Oficialmente, España estaba en primera fila de la lucha contra el citado tipo de artefactos al haberse adelantado, con una moratoria unilateral en julio de 2008, a la firma (diciembre de ese año) y la entrada en vigor (agosto de 2010) de la Convención que las prohíbe. En marzo de 2009 fue el primer país en destruir su propio arsenal de bombas de racimo, que se distinguen por una mortífera seña de identidad: dispersan en una amplia zona sus potentes municiones, cuya falta de precisión las hace aún más peligrosas para la población civil. España ya no las tiene ni las exporta, pero allí quedaron, en los arsenales del régimen libio. Y la única arma que no se utiliza es la que no se tiene.

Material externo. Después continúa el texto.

Lemma refl_nfixed_even L : 2 <= L -> ~~ odd L ->
  [/\ refl_nfixed L 0 = 2, refl_nfixed L 1 = 0 & refl_nfixed L 2 = 2].
Proof.
move=> le_2L even_L; have [k def_L] : exists k, L = k.*2.
  by exists L./2; rewrite -{1}(odd_double_half L) (negbTE even_L).
have fixedE b i : b <= 2 -> i < L ->
    (refl_index L b i == i) = [|| b + L == i.*2, b == i.*2 | b == i.*2 + L].
  by move=> le_b2 lt_iL; rewrite refl_index_fixed.
split.
- apply: (@count_iota_mem _ _ [:: 0; k]) => [|i|i lt_iL]; rewrite /= ?fixedE ?inE //=; lia.
- apply: (@count_iota_mem _ _ [::]) => // i lt_iL.
  by rewrite fixedE // in_nil; apply/negbTE; lia.
- have [le_k1|lt_1k] := leqP k 1.
    apply: (@count_iota_mem _ _ [:: 0; 1]) => [|i|i lt_iL]; rewrite /= ?fixedE ?inE //=; lia.
  apply: (@count_iota_mem _ _ [:: 1; k.+1]) => [|i|i lt_iL]; rewrite /= ?fixedE ?inE //=; lia.
Qed.

(* Reflections of the cycle of a permutation g through a point x: numbering
   the cycle x, g x, ..., g^(L-1) x by Z/LZ, the reflection i |-> b - i. *)
Section CycleReflection.
Variables (T : finType) (g : {perm T}) (x : T).
Local Open Scope group_scope.

Let O := porbit g x.
Let L := #|O|.

Definition cycle_index z := index z (traject g x L).

Definition cycle_reflection b z := iter (refl_index L b (cycle_index z)) g x.

Let L_gt0 : 0 < L.
Proof. by rewrite lt0n card_porbit_neq0. Qed.

Let iter_in j : iter j g x \in O.
Proof. by rewrite -permX mem_porbit. Qed.

Let iter_mod j : iter j g x = iter (j %% L) g x.
Proof.
rewrite {1}(divn_eq j L) addnC iterD; congr (iter _ g _).
by elim: (j %/ L) => [|q IHq]; rewrite ?mul0n // mulSn iterD IHq iter_porbit.
Qed.

Let cycle_indexP z : z \in O -> cycle_index z < L /\ iter (cycle_index z) g x = z.
Proof.
rewrite porbit_traject => z_cycle.
have lt_zL : cycle_index z < L by rewrite -[X in _ < X](size_traject g x L) index_mem.
by split => //; rewrite -(nth_traject g lt_zL x) nth_index.
Qed.

Let cycle_index_iter i : i < L -> cycle_index (iter i g x) = i.
Proof.
move=> lt_iL; rewrite /cycle_index -(nth_traject g lt_iL x).
by rewrite index_uniq ?size_traject ?uniq_traject_porbit.
Qed.

Let iter_eq i j : i < L -> j < L -> (iter i g x == iter j g x) = (i == j).
Proof.
move=> lt_iL lt_jL; rewrite -(nth_traject g lt_iL x) -(nth_traject g lt_jL x).
by rewrite nth_uniq ?size_traject ?uniq_traject_porbit.
Qed.

Lemma cycle_reflection_in b z : cycle_reflection b z \in O.
Proof. exact: iter_in. Qed.

Lemma cycle_reflectionK b : {in O, involutive (cycle_reflection b)}.
Proof.
move=> z /cycle_indexP [lt_zL def_z].
by rewrite /cycle_reflection cycle_index_iter ?ltn_mod // refl_indexK.
Qed.

Lemma cycle_reflectionS b :
  {in O, forall z, cycle_reflection b.+1 (cycle_reflection b z) = g z}.
Proof.
move=> z /cycle_indexP [lt_zL def_z].
rewrite /cycle_reflection cycle_index_iter ?ltn_mod // refl_indexS //.
by rewrite -iter_mod iterS def_z.
Qed.

Lemma cycle_reflection_nmoved b :
  #|[set z in O | cycle_reflection b z != z]| + refl_nfixed L b = L.
Proof.
have -> : [set z in O | cycle_reflection b z != z] =
          [set z in filter (fun z => cycle_reflection b z != z) (traject g x L)].
  by apply/setP => z; rewrite !inE mem_filter -porbit_traject andbC.
rewrite cardsE (card_uniqP _) ?filter_uniq ?uniq_traject_porbit // size_filter.
have -> : traject g x L = map (fun i => iter i g x) (iota 0 L).
  by elim: (L) => // n IHn; rewrite trajectSr IHn -addn1 iotaD map_cat cats1.
rewrite count_map (@eq_in_count _ _ (predC (fun i => refl_index L b i == i))).
  by rewrite addnC /refl_nfixed count_predC size_iota.
move=> i; rewrite mem_iota add0n => /andP[_ lt_iL] /=.
by rewrite /cycle_reflection cycle_index_iter // iter_eq // ltn_mod.
Qed.

Lemma extend_by_reflection b (s' : {perm T}) :
  involutive s' -> {in O, forall z, s' z = z} ->
  exists s : {perm T}, [/\ involutive s, {in O, s =1 cycle_reflection b},
    (forall z, z \notin O -> s z = s' z) & nmoved s + refl_nfixed L b = nmoved s' + L].
Proof.
move=> s'K s'O.
have s'N z : z \notin O -> s' z \notin O.
  by apply: contra => sz_cycle; rewrite -[z]s'K s'O.
pose sf z := if z \in O then cycle_reflection b z else s' z.
have sfK : involutive sf.
  move=> z; rewrite /sf; case: (boolP (z \in O)) => z_cycle.
    by rewrite cycle_reflection_in cycle_reflectionK.
  by rewrite (negbTE (s'N z z_cycle)) s'K.
pose s := perm (can_inj sfK); have sE z : s z = sf z by rewrite permE.
exists s; split.
- by move=> z; rewrite !sE.
- by move=> z z_cycle; rewrite sE /sf z_cycle.
- by move=> z z_cycle; rewrite sE /sf (negbTE z_cycle).
rewrite /nmoved -(cardsID O [set z | s z != z]).
have -> : [set z | s z != z] :\: O = [set z | s' z != z].
  apply/setP => z; rewrite !inE sE /sf.
  by case: (boolP (z \in O)) => z_cycle //=; rewrite s'O ?eqxx.
have -> : [set z | s z != z] :&: O = [set z in O | cycle_reflection b z != z].
  by apply/setP => z; rewrite !inE sE /sf andbC; case: (z \in O).
by have := cycle_reflection_nmoved b; lia.
Qed.

Lemma collapse_cycle : g x != x -> exists g' : {perm T},
  [/\ {in O, forall z, g' z = z}, (forall z, z \notin O -> g' z = g z)
    & nmoved g' < nmoved g].
Proof.
move=> gx.
have gO z : (g z \in O) = (z \in O).
  by rewrite /O -!eq_porbit_mem -[in RHS](porbit_perm g 1 z) expg1.
pose gf z := if z \in O then z else g z.
have gf_inj : injective gf.
  move=> z1 z2; rewrite /gf; case: ifP => z1_cycle; case: ifP => z2_cycle // eq_g.
  - by move: z2_cycle; rewrite -gO -eq_g z1_cycle.
  - by move: z1_cycle; rewrite -gO eq_g z2_cycle.
  - exact: perm_inj eq_g.
pose g' := perm gf_inj; have g'E z : g' z = gf z by rewrite permE.
exists g'; split => [z z_cycle|z z_cycle|]; rewrite ?g'E /gf ?(negbTE z_cycle) ?z_cycle //.
rewrite /nmoved proper_card //; apply/properP; split.
  by apply/subsetP => z; rewrite !inE g'E /gf; case: ifP; rewrite ?eqxx.
by exists x; rewrite !inE ?gx // g'E /gf porbit_id eqxx.
Qed.

End CycleReflection.

Section Factorization.
Variable T : finType.
Implicit Types g s u : {perm T}.
Local Open Scope group_scope.

Lemma fixed_notin_cycle g x z : g x != x -> g z = z -> z \notin porbit g x.
Proof.
move=> gx gz; apply: contra gx; rewrite porbit_sym => /porbitP [i ->].
by rewrite permX_fix // gz.
Qed.

Lemma card_moved_cycle g x : g x != x -> 1 < #|porbit g x|.
Proof.
move=> gx; have <- : #|[set x; g x]| = 2 by rewrite cards2 eq_sym gx.
apply: subset_leq_card; apply/subsetP => z; rewrite !inE => /orP[] /eqP ->.
  exact: porbit_id.
by rewrite -(porbit_perm g 1 x) expg1 porbit_id.
Qed.

(* Every permutation g is a product of two involutions s and u (g = s * u,
   i.e. g z = u (s z)) fixing all fixed points of g: on each cycle, s and u
   are two reflections in consecutive axes.  For each cycle we give the
   reflection with more fixed points to the factor currently moving more
   points, which keeps the numbers of moved points within 2 of each other. *)
Lemma involution_factorization g : exists s u,
  [/\ involutive s, involutive u, g = s * u,
      (forall z, g z = z -> s z = z /\ u z = z) &
      nmoved s <= nmoved u + 2 /\ nmoved u <= nmoved s + 2].
Proof.
have [k] := ubnP (nmoved g); elim: k g => // k IHk g lt_gk.
have [g0|/moved_pointP [x gx]] := eqVneq (nmoved g) 0.
  exists 1, 1; rewrite (nmoved0 g0) mulg1.
  by split=> // [z|z|]; rewrite ?perm1 ?leq_addr.
set O := porbit g x; set L := #|O|; have le_2L : 1 < L by apply: card_moved_cycle.
have [g' [g'O g'N lt_g'g]] := collapse_cycle gx.
have [s' [u' [s'K u'K def_g' g'fix [bal1 bal2]]]] : exists s' u',
    [/\ involutive s', involutive u', g' = s' * u',
        (forall z, g' z = z -> s' z = z /\ u' z = z) &
        nmoved s' <= nmoved u' + 2 /\ nmoved u' <= nmoved s' + 2].
  by apply: IHk; lia.
have s'O : {in O, forall z, s' z = z} by move=> z /g'O /g'fix [].
have u'O : {in O, forall z, u' z = z} by move=> z /g'O /g'fix [].
pose a := if nmoved u' <= nmoved s' then 0%N else 1%N.
have [s [sK sO sN nmoved_s]] := extend_by_reflection a s'K s'O.
have [u [uK uO uN nmoved_u]] := extend_by_reflection a.+1 u'K u'O.
exists s, u; split => //.
- apply/permP => z; rewrite permM; have [z_cycle|z_cycle] := boolP (z \in O).
    by rewrite sO // uO ?cycle_reflection_in // cycle_reflectionS.
  have sz_cycle : s z \notin O.
    by apply: contra z_cycle => sz_cycle; rewrite -[z]sK sO // cycle_reflection_in.
  by rewrite -g'N // def_g' permM uN // sN.
- move=> z gz; have z_cycle := fixed_notin_cycle gx gz.
  by rewrite sN // uN //; apply: g'fix; rewrite g'N.
have [odd_L|even_L] := boolP (odd L).
  have le_3L : 2 < L by move: le_2L odd_L; case: (L) => [|[|[|]]].
  have le_a1 : a <= 1 by rewrite /a; case: ifP.
  by move: nmoved_s nmoved_u; rewrite !refl_nfixed_odd //; lia.
have [fix0 fix1 fix2] := refl_nfixed_even le_2L even_L.
by move: nmoved_s nmoved_u; rewrite /a; case: ifP; rewrite ?fix0 ?fix1 ?fix2; lia.
Qed.

End Factorization.

Section EvenCommutator.
Variable T : finType.
Implicit Types g s u p : {perm T}.
Local Open Scope group_scope.

(* For an even g, the factors of involution_factorization move the same number
   of points: their signs agree, and the sign of an involution moving 2k
   points is (-1)^k. *)
Lemma balanced_factorization g : ~~ odd_perm g -> exists s u,
  [/\ involutive s, involutive u, g = s * u,
      (forall z, g z = z -> s z = z /\ u z = z) & nmoved s = nmoved u].
Proof.
move=> even_g; have [s [u [sK uK def_g gfix [bal1 bal2]]]] := involution_factorization g.
exists s, u; split => //.
have [even_ns odd_s] := odd_perm_involution sK.
have [even_nu odd_u] := odd_perm_involution uK.
have same_sign : odd (nmoved s)./2 = odd (nmoved u)./2.
  move: even_g; rewrite def_g odd_permM -odd_s -odd_u.
  by case: (odd_perm s); case: (odd_perm u).
rewrite -(odd_double_half (nmoved s)) -(odd_double_half (nmoved u)).
rewrite (negbTE even_ns) (negbTE even_nu) in bal1 bal2 *.
move: bal1 bal2 same_sign; set hs := _./2; set hu := _./2 => bal1 bal2.
have [lt_su|lt_us|->] := ltngtP hs hu => // same_sign.
  have def_hu : hu = hs.+1 by lia.
  by rewrite def_hu /= in same_sign; case: (odd hs) same_sign.
have def_hs : hs = hu.+1 by lia.
by rewrite def_hs /= in same_sign; case: (odd hu) same_sign.
Qed.

(* Using two fixed points a, b of g, the first factor can be made even:
   multiply both factors by the transposition (a b), which commutes with them. *)
Lemma even_balanced_factorization g a b : ~~ odd_perm g -> a != b ->
  g a = a -> g b = b -> exists s u,
  [/\ involutive s, involutive u, g = s * u,
      (forall z, g z = z -> z != a -> z != b -> s z = z /\ u z = z) &
      nmoved s = nmoved u /\ ~~ odd_perm s].
Proof.
move=> even_g ab ga gb.
have [s [u [sK uK def_g gfix nmoved_su]]] := balanced_factorization even_g.
have [even_s|odd_s] := boolP (~~ odd_perm s).
  by exists s, u; split=> // z gz _ _; apply: gfix.
have [sa ua] := gfix a ga; have [sb ub] := gfix b gb.
set t := tperm a b.
have [tsK nmoved_ts] := involution_tperm sK ab sa sb.
have [tuK nmoved_tu] := involution_tperm uK ab ua ub.
have commute_t (w : {perm T}) : w a = a -> w b = b -> t * w = w * t.
  by move=> wa wb; apply/permP => z; rewrite !permM tperm_commute.
exists (t * s), (t * u); split => //.
- by rewrite (commute_t s) // -mulgA (mulgA t) tperm2 mul1g.
- by move=> z gz za zb; rewrite !permM tpermD 1?eq_sym //; apply: gfix.
- by rewrite nmoved_ts nmoved_tu nmoved_su odd_mul_tperm ab.
Qed.

(* Write g = s * u as above
   with s even; s and u are conjugate, u = s ^ p, and the transposition (c d)
   can be used to make p even.  Then g = s * s ^ p = [~ s, p] as s = s^-1. *)
Lemma even_perm_commutator g a b c d : ~~ odd_perm g ->
  uniq [:: a; b; c; d] -> (forall z, z \in [:: a; b; c; d] -> g z = z) ->
  exists s p, [/\ ~~ odd_perm s, ~~ odd_perm p & g = [~ s, p]].
Proof.
move=> even_g abcd gfix4.
move: abcd; rewrite /= !inE !negb_or => /and4P[/and3P[ab ac ad] /andP[bc bd] cd _].
have [ga gb gc gd] : [/\ g a = a, g b = b, g c = c & g d = d].
  by split; apply: gfix4; rewrite !inE eqxx ?orbT.
have [s [u [sK uK def_g gfix [nmoved_su even_s]]]] :=
  even_balanced_factorization even_g ab ga gb.
have [sc uc] : s c = c /\ u c = c by apply: gfix; rewrite // eq_sym.
have [sd ud] : s d = d /\ u d = d by apply: gfix; rewrite // eq_sym.
have [p [pE even_p]] : exists p, (forall z, u (p z) = p (s z)) /\ ~~ odd_perm p.
  have [p0 p0E] := involution_conj sK uK nmoved_su.
  have [odd_p0|even_p0] := boolP (odd_perm p0); last by exists p0.
  exists (p0 * tperm c d); split.
    by move=> z; rewrite !permM tperm_commute ?p0E.
  by rewrite odd_permM odd_tperm cd odd_p0.
exists s, p; split => //.
have sV : s^-1 = s.
  by apply/eqP; rewrite eq_invg_mul; apply/eqP/permP => z; rewrite permM sK perm1.
have def_u : u = s ^ p.
  by apply/permP => z; rewrite conjgE !permM -pE permKV.
by rewrite def_g def_u commgEl sV.
Qed.

End EvenCommutator.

Por eso Amnistía Internacional lleva años empeñada junto a otras organizaciones no gubernamentales en conseguir un Tratado sobre Comercio de Armas que impida su venta cuando exista riesgo de que sean usadas para violar los derechos humanos o las normas humanitarias internacionales. La campaña, bautizada como ‘Armas Bajo Control‘, reúne desde octubre de 2003 a AI, Oxfam y la Red de Acción Internacional contra las Armas Ligeras (IANSA en inglés), coalición que varía ligeramente en el caso español al integrar a Amnistía, Intermón Oxfam, Greenpeace y la Fundació per la Pau. Las tres primeras organizaciones habían protagonizado ya a principios de los años 90 una primera campaña, ‘Hay secretos que matan’, con el mismo objetivo, a la que siguió otra, ‘Adiós a las armas’, por el control de las armas ligeras.